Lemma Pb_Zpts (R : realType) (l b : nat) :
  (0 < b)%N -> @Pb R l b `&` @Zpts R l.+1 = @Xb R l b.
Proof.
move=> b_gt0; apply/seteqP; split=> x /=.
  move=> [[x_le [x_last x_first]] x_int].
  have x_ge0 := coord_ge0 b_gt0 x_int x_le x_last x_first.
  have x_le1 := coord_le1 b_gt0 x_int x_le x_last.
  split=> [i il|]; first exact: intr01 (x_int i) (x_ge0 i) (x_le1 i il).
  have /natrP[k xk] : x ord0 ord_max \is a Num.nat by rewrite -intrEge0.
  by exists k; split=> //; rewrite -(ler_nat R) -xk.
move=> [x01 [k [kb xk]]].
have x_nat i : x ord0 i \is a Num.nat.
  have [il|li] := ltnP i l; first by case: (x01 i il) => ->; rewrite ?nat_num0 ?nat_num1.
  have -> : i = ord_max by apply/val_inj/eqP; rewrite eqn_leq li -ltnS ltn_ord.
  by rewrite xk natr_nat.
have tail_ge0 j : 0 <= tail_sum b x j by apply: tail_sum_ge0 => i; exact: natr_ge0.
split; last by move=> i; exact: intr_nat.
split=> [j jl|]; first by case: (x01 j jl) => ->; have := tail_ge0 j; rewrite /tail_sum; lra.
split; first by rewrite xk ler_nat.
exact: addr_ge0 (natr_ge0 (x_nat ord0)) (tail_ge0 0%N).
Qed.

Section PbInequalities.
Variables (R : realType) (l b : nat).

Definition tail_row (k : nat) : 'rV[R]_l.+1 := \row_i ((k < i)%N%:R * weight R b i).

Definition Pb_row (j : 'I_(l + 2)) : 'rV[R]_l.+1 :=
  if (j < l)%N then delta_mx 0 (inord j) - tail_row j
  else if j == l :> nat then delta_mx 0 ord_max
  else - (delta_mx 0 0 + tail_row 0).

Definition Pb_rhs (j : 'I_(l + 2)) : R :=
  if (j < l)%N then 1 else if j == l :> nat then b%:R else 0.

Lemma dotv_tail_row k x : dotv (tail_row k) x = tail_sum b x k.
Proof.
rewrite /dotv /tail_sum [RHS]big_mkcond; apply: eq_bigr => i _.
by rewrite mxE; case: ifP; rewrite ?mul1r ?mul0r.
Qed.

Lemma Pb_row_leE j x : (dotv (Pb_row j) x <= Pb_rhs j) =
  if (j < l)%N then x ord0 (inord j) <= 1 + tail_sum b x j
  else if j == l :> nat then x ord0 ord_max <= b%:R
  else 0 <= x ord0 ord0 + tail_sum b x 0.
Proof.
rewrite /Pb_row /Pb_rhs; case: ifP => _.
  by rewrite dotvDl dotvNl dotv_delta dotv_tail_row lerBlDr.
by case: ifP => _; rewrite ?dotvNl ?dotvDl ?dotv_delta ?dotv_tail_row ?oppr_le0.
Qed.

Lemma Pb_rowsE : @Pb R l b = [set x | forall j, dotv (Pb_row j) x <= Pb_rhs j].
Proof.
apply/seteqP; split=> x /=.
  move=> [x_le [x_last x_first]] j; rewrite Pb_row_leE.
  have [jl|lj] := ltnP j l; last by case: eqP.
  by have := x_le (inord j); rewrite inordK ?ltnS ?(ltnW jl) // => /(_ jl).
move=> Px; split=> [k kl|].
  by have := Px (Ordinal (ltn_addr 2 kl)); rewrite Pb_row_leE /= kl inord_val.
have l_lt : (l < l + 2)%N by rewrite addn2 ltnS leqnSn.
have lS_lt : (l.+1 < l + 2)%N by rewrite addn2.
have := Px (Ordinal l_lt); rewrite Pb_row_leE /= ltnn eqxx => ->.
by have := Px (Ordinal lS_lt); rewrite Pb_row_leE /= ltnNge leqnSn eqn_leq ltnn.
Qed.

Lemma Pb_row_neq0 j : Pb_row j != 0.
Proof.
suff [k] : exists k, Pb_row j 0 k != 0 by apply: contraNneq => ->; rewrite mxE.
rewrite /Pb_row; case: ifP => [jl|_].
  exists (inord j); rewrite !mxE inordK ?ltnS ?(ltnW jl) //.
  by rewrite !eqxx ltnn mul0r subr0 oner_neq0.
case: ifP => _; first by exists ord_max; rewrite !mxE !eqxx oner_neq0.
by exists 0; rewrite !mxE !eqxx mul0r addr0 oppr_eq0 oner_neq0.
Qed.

--

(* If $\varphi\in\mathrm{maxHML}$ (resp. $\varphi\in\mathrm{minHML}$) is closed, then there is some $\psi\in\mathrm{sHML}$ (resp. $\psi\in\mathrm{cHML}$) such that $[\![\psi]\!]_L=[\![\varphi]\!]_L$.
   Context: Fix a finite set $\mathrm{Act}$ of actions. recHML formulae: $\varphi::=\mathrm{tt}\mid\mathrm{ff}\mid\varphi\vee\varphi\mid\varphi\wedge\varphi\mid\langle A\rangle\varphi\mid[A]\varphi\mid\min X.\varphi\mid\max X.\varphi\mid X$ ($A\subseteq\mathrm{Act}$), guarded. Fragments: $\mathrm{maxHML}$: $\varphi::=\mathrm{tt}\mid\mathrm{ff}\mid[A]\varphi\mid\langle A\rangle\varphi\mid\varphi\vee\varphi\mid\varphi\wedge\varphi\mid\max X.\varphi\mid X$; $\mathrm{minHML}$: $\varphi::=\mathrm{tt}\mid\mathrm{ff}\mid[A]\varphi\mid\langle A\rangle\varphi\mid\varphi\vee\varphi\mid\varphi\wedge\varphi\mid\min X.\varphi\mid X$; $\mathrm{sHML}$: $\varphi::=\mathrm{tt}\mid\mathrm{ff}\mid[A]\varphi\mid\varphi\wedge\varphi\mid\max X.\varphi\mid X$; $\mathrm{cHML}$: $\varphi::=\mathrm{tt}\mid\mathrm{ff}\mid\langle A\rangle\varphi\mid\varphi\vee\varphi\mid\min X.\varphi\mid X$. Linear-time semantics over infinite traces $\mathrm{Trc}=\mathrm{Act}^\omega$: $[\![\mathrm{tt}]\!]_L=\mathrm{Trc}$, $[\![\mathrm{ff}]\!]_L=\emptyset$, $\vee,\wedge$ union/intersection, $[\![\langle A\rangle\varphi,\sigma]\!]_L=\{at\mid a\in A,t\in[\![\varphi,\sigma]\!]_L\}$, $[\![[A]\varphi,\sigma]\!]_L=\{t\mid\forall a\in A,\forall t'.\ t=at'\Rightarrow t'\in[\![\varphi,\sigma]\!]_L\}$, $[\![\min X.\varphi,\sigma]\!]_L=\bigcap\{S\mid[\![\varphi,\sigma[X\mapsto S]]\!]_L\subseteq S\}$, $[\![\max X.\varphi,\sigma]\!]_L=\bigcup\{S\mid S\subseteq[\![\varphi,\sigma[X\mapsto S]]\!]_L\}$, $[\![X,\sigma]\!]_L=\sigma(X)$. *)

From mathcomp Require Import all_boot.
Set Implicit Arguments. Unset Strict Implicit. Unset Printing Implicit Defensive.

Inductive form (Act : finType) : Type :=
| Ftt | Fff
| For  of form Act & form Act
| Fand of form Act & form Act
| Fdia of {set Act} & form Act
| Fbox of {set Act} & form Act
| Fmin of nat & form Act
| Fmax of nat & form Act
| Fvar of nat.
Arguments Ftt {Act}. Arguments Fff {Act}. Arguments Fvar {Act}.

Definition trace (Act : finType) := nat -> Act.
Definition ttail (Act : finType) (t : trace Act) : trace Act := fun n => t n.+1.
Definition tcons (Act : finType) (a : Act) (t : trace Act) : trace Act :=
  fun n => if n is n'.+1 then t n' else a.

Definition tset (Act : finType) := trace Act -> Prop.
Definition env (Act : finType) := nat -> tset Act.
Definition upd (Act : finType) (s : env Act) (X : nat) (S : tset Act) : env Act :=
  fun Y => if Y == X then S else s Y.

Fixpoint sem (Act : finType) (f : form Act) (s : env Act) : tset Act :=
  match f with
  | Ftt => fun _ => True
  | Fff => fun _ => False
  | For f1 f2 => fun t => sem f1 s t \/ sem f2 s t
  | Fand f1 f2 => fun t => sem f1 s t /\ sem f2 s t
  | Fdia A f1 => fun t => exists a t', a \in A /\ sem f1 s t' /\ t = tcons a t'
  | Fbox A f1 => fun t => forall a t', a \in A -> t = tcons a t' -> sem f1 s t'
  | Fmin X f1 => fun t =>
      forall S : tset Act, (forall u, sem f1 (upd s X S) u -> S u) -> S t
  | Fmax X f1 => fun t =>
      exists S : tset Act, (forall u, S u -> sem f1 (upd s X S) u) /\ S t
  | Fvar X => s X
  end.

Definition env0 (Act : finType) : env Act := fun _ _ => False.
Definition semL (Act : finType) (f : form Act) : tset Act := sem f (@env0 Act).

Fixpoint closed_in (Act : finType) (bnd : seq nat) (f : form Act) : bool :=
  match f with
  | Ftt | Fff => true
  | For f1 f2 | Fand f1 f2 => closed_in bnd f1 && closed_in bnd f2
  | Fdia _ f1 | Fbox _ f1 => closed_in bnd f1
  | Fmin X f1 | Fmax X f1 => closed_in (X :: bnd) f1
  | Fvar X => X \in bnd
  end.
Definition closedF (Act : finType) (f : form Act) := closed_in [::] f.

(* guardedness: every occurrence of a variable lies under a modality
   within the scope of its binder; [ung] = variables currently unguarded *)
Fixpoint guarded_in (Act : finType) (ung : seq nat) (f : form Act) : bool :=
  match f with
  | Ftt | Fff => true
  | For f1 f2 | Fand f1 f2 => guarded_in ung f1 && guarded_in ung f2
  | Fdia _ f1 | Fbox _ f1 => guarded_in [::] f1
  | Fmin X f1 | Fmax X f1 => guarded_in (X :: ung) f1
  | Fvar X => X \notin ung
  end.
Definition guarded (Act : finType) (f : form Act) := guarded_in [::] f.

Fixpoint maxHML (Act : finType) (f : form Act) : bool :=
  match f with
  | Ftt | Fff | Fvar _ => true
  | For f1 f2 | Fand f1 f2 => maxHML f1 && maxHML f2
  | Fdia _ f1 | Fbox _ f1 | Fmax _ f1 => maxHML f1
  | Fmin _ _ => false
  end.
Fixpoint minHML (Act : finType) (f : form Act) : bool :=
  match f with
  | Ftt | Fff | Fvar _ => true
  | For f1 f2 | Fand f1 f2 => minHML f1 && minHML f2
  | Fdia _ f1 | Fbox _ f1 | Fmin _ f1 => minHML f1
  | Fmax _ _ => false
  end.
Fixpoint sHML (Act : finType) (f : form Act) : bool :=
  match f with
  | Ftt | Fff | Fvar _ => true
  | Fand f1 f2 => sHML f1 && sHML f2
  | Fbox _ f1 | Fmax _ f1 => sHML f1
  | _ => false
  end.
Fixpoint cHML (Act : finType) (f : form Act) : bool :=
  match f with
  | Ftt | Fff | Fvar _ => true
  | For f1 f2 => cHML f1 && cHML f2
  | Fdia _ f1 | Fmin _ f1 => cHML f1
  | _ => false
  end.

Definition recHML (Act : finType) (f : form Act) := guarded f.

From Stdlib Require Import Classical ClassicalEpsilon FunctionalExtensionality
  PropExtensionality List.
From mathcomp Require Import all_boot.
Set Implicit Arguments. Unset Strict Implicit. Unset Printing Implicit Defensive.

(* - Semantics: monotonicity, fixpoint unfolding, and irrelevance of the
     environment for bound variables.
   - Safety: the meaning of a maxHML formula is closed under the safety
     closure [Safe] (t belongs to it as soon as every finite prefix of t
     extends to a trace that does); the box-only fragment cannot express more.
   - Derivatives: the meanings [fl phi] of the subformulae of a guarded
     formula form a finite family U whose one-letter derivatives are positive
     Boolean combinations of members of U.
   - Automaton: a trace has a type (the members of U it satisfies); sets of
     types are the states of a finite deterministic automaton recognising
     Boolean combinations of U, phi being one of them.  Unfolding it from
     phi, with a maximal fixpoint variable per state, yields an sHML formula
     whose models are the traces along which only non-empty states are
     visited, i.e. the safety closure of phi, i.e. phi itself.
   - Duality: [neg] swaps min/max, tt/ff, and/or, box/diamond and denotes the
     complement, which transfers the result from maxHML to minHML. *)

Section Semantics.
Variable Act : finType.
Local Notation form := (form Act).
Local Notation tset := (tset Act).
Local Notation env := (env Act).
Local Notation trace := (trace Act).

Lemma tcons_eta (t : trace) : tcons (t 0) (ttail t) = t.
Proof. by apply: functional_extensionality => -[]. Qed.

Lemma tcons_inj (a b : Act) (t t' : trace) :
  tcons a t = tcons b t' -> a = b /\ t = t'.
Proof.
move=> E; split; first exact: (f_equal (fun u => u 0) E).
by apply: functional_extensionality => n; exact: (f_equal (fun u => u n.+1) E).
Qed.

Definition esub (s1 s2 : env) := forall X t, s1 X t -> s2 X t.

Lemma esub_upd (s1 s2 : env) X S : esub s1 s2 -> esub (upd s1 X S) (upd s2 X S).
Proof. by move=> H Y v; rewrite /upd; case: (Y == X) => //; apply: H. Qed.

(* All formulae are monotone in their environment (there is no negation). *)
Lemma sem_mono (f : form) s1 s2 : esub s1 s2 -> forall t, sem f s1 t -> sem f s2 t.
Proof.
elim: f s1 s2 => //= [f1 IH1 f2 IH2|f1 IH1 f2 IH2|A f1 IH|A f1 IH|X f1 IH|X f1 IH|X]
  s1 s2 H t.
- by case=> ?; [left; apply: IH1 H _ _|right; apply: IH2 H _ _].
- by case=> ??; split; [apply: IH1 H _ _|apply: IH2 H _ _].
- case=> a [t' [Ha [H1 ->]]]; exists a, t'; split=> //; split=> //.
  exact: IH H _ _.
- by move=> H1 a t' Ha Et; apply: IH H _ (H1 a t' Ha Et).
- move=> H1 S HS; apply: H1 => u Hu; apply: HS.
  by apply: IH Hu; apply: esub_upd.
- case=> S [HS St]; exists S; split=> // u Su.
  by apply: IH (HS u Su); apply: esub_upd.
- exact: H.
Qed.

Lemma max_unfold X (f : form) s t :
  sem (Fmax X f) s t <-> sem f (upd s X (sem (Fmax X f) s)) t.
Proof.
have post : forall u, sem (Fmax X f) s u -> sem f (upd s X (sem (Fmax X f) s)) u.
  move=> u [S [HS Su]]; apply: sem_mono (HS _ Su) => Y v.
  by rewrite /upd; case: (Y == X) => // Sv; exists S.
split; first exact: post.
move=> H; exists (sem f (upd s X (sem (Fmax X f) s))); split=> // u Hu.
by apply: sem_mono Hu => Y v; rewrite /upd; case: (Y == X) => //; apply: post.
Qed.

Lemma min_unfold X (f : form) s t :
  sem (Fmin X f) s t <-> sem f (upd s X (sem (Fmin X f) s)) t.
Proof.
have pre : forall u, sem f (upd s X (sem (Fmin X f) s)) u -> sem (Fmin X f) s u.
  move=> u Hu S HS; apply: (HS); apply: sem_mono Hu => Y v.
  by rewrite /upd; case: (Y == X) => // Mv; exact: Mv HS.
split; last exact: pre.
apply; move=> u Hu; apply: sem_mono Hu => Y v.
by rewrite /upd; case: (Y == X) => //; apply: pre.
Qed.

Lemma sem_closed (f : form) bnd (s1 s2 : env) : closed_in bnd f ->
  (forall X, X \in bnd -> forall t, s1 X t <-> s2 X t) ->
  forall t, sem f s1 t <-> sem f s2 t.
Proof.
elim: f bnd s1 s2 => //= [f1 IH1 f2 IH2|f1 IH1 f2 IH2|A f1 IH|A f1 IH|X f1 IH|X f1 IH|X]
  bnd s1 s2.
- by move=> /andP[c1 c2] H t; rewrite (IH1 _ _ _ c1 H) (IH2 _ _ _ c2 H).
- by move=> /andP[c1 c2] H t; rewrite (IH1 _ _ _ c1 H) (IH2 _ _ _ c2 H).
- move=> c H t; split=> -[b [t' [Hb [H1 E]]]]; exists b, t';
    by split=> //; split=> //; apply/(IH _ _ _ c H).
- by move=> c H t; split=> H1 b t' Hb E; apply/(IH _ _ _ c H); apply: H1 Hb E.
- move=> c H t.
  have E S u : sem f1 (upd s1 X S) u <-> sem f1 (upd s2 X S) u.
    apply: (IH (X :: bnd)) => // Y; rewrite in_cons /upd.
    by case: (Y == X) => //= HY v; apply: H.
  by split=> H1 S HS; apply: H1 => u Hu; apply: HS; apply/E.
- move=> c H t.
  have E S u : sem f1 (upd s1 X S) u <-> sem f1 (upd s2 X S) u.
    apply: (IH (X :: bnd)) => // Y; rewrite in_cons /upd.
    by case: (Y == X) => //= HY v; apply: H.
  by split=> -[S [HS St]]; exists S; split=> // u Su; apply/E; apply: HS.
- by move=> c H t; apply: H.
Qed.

--

** WHAT THE EXERCISE ASKS **
Send back exactly the lines of the listing above starting at the one with "exact: IH H _ _." and ending at the one with "move=> u Hu S", inclusive, and no others.

** RESULT BELOW **
  exact: IH H _ _.
- by move=> H1 a t' Ha Et; apply: IH H _ (H1 a t' Ha Et).
- move=> H1 S HS; apply: H1 => u Hu; apply: HS.
  by apply: IH Hu; apply: esub_upd.
- case=> S [HS St]; exists S; split=> // u Su.
  by apply: IH (HS u Su); apply: esub_upd.
- exact: H.
Qed.

Lemma max_unfold X (f : form) s t :
  sem (Fmax X f) s t <-> sem f (upd s X (sem (Fmax X f) s)) t.
Proof.
have post : forall u, sem (Fmax X f) s u -> sem f (upd s X (sem (Fmax X f) s)) u.
  move=> u [S [HS Su]]; apply: sem_mono (HS _ Su) => Y v.
  by rewrite /upd; case: (Y == X) => // Sv; exists S.
split; first exact: post.
move=> H; exists (sem f (upd s X (sem (Fmax X f) s))); split=> // u Hu.
by apply: sem_mono Hu => Y v; rewrite /upd; case: (Y == X) => //; apply: post.
Qed.

Lemma min_unfold X (f : form) s t :
  sem (Fmin X f) s t <-> sem f (upd s X (sem (Fmin X f) s)) t.
Proof.
have pre : forall u, sem f (upd s X (sem (Fmin X f) s)) u -> sem (Fmin X f) s u.
  move=> u Hu S HS; apply: (HS); apply: sem_mono Hu => Y v.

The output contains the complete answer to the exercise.